Find the line with "else (\sum_i ((if" in the entries below, then reproduce it and every line after it down to and including the line with "With a_jl := y_(j+l)", exactly.

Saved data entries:
*** Begin section ***
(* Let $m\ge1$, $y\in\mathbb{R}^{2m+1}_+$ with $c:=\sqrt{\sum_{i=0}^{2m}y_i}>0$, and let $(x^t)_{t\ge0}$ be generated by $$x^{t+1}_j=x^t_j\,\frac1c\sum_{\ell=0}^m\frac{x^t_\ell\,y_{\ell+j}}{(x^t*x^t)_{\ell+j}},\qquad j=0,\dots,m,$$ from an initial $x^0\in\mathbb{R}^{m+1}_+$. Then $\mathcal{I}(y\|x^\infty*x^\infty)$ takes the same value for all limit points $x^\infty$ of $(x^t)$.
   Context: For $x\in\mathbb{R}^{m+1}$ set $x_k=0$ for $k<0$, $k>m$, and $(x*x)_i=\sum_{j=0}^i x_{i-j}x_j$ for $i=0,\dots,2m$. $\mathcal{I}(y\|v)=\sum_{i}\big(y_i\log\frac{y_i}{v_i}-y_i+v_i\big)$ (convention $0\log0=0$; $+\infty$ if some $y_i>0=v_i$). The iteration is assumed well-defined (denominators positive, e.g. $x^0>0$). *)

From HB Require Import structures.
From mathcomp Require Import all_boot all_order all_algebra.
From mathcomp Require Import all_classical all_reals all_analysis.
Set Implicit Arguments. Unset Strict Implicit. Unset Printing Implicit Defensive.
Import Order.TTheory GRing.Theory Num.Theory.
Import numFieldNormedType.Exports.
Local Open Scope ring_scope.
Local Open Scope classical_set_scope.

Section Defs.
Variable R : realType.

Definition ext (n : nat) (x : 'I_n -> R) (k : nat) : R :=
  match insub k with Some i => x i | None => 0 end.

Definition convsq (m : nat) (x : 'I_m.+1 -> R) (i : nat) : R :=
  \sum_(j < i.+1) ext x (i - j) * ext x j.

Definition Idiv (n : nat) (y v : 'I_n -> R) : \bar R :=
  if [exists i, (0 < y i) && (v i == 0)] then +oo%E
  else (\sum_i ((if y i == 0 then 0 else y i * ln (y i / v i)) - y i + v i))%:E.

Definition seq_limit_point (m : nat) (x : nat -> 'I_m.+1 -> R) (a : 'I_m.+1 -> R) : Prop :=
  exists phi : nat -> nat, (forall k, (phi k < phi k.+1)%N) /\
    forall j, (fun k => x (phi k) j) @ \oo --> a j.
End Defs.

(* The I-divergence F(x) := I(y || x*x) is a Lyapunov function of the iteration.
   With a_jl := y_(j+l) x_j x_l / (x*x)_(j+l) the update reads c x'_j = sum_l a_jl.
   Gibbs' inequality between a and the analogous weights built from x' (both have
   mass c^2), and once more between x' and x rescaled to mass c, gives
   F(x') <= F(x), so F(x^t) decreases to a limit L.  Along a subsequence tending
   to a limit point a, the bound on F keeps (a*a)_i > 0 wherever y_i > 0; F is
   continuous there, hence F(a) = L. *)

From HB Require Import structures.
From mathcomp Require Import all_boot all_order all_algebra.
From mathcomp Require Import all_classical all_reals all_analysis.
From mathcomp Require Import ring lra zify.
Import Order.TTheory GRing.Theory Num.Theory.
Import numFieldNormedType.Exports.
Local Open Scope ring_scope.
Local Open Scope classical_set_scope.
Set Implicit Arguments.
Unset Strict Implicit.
*** End section ***
*** Begin section ***
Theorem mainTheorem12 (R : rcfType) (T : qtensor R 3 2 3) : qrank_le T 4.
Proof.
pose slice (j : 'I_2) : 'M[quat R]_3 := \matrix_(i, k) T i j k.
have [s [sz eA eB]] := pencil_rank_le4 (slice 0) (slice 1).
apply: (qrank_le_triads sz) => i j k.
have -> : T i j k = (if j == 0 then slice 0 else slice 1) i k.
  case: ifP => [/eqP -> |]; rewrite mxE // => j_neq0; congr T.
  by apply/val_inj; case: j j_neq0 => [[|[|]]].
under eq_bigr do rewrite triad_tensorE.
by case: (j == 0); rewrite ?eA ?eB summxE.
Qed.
*** End section ***
→ Response for this exercise:
  else (\sum_i ((if y i == 0 then 0 else y i * ln (y i / v i)) - y i + v i))%:E.

Definition seq_limit_point (m : nat) (x : nat -> 'I_m.+1 -> R) (a : 'I_m.+1 -> R) : Prop :=
  exists phi : nat -> nat, (forall k, (phi k < phi k.+1)%N) /\
    forall j, (fun k => x (phi k) j) @ \oo --> a j.
End Defs.

(* The I-divergence F(x) := I(y || x*x) is a Lyapunov function of the iteration.
   With a_jl := y_(j+l) x_j x_l / (x*x)_(j+l) the update reads c x'_j = sum_l a_jl.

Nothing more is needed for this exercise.